Kopenhag engelinin aşılması Galatasaray maçı öncesi önemli bir moral kaynağı olur. İyi düşünelim, sonuç iyi olsun!
YETİŞTİRDİKLERİMİZİ KULLANMALIYIZ!
Ahmetcan Kaplan’ın Hollada’nın Ajax takımına transferine bir türlü sevinemedim. Üç yıl öncede Yusuf Yazıcı’nın transferine de sevinemediğim gibi…
Trabzonspor yetiştirdikleri ile kazandığı paraları yaşlı ‘şöhret’ diye tabir edilen futbolculara ödediği sürece sürekli başarı kazanamaz! Ne zaman alt yapıdan yetişen futbolculardan 7-8 tanesi Profesyonel Takımda formaya giymeye başlar ve istikrarlı bir gidişat sağlanır o zaman daha daha kalıcı başarılar elde edilir. Burada en önemli görev yönetim kururlu ve teknik sorumludan ziyade, taraftara düşüyor. Altyapıdan gelen sporcularımız hata yapsalar bile, taraftarların desteklerini esirgememeleri gerekiyor. Her şart ve koşulda bu destek devam etmelidir.

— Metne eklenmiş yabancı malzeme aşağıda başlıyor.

(* For every integer $n\geq 1$, $\mathrm{R}_3(\mathcal{B}_n)\leq \mathrm{RR}(\mathcal{B}_2:\mathcal{B}_n)\leq \mathrm{R}_3(\mathcal{B}_n)+n$.
   Context: $\mathcal{B}_N$ denotes the Boolean lattice of all subsets of $[N]$ ordered by inclusion. An induced copy of a poset $\mathcal{P}$ in a poset $\mathcal{Q}$ is the image of an injection $f:\mathcal{P}\to\mathcal{Q}$ with $f(X)\le f(Y)$ iff $X\le Y$. Monochromatic: all sets share a color; rainbow: pairwise distinct colors. $\mathrm{R}_k(\mathcal{P})$ is the smallest $n$ such that every coloring of $\mathcal{B}_n$ with $k$ colors contains a monochromatic induced copy of $\mathcal{P}$. $\mathrm{RR}(\mathcal{Q}:\mathcal{P})$ is the smallest $n$ such that every coloring (with any number of colors) of the sets of $\mathcal{B}_n$ contains a rainbow induced copy of $\mathcal{Q}$ or a monochromatic induced copy of $\mathcal{P}$. *)

From mathcomp Require Import all_boot.
Set Implicit Arguments. Unset Strict Implicit. Unset Printing Implicit Defensive.

(* The Boolean lattice B_N is {set 'I_N} ordered by \subset. *)

Definition induced_copy (m N : nat) (f : {set 'I_m} -> {set 'I_N}) : Prop :=
  injective f /\ forall X Y : {set 'I_m}, (f X \subset f Y) = (X \subset Y).

Definition has_mono_copy (C : Type) (m N : nat) (c : {set 'I_N} -> C) : Prop :=
  exists f : {set 'I_m} -> {set 'I_N},
    induced_copy f /\ forall X Y : {set 'I_m}, c (f X) = c (f Y).

Definition has_rainbow_copy (C : Type) (m N : nat) (c : {set 'I_N} -> C) : Prop :=
  exists f : {set 'I_m} -> {set 'I_N},
    induced_copy f /\ injective (fun X => c (f X)).

Definition ramsey_prop (k m N : nat) : Prop :=
  forall c : {set 'I_N} -> 'I_k, has_mono_copy m c.

(* Property defining RR(B_q : B_m): every coloring (any number of colors;
   colors taken in nat, which suffices since B_N is finite) of B_N has a
   rainbow copy of B_q or a monochromatic copy of B_m. *)
Definition rainbow_ramsey_prop (q m N : nat) : Prop :=
  forall c : {set 'I_N} -> nat, has_rainbow_copy q c \/ has_mono_copy m c.

Definition is_least (P : nat -> Prop) (a : nat) : Prop :=
  P a /\ forall b, P b -> a <= b.

(* Lower bound: a coloring with three colors has no rainbow copy of B_2, which has four
   elements.
   Upper bound: let N = R_3(B_n) and color B_(N+n) without rainbow copy of B_2. If all pairs
   P <= Q with |Q \ P| >= N have the same color, the sets avoiding the first N coordinates form
   a copy of B_n colored like the full set. Otherwise take such P, Q of different colors: the
   interval [P, Q] contains a copy of B_N, and 3-coloring it by "color of P", "color of Q",
   "other" yields a copy of B_n which is monochromatic or avoids both colors. Two incomparable
   sets of [P, Q] avoiding both colors have the same color, as otherwise they would form a
   rainbow B_2 with P and Q. So for n >= 2 the copy is monochromatic except possibly at its
   bottom or top. If the bottom color differs, deleting from every other set of the copy a fixed
   element x of bottom \ P gives a copy colored like P; the top is dual under complementation.
   For n = 1 a single exchange of elements suffices. *)

From mathcomp Require Import all_boot.
From Stdlib Require Import Classical.
Set Implicit Arguments. Unset Strict Implicit. Unset Printing Implicit Defensive.

Lemma uniq_map_inj_in (T1 T2 : eqType) (f : T1 -> T2) (s : seq T1) :
  uniq (map f s) -> {in s &, injective f}.
Proof.
elim: s => //= a s IHs /andP[fa_s fs_uniq] x y /[!inE].
case/orP=> [/eqP-> | xs] /orP[/eqP-> | ys] // fxy; last exact: IHs.
- by rewrite fxy map_f in fa_s.
- by rewrite -fxy map_f in fa_s.
Qed.

Section InducedCopies.

Variables m N : nat.
Implicit Types f : {set 'I_m} -> {set 'I_N}.

Lemma induced_copy_of_sub f :
  (forall X Y, (f X \subset f Y) = (X \subset Y)) -> induced_copy f.
Proof.
move=> f_sub; split=> // X Y fXY; apply/eqP.
by rewrite eqEsubset -!f_sub fXY subxx.
Qed.

Lemma induced_copy_comp K f (g : {set 'I_N} -> {set 'I_K}) :
  induced_copy f -> induced_copy g -> induced_copy (g \o f).
Proof.
by move=> [f_inj f_sub] [g_inj g_sub]; split=> [|X Y /=]; [exact: inj_comp | rewrite g_sub f_sub].
Qed.

Lemma has_mono_copy_comp (C : Type) K (h : {set 'I_N} -> {set 'I_K}) (c : {set 'I_K} -> C) :
  induced_copy h -> has_mono_copy m (c \o h) -> has_mono_copy m c.
Proof.
by move=> h_copy [f [f_copy c_f]]; exists (h \o f); split; [exact: induced_copy_comp|].
Qed.

Definition dual_copy f X := ~: f (~: X).

Lemma dual_copy_sub f :
  (forall X Y, (f X \subset f Y) = (X \subset Y)) ->
  forall X Y, (dual_copy f X \subset dual_copy f Y) = (X \subset Y).
Proof. by move=> f_sub X Y; rewrite setCS f_sub setCS. Qed.

Lemma has_mono_copy_setC (C : Type) (c : {set 'I_N} -> C) :
  has_mono_copy m (fun X => c (~: X)) -> has_mono_copy m c.
Proof.
case=> f [[_ f_sub] c_f]; exists (dual_copy f); split=> [|X Y].
  exact/induced_copy_of_sub/dual_copy_sub.
exact: c_f.
Qed.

Dün oynanan Antalyaspor müsabakasında Denswil yanlış pasını, Hugo’un penaltısını Ahmetcan yapsaydı ne olurdu? Hollandalı geldi Ahmetcan’ı keşfetti ve aldı gitti. Biz Ahmetcan’ın transferinden aldığımız paradan daha fazlasını 3-4 sene içerisinde iyi bir durdurucu almak için harcayacağız!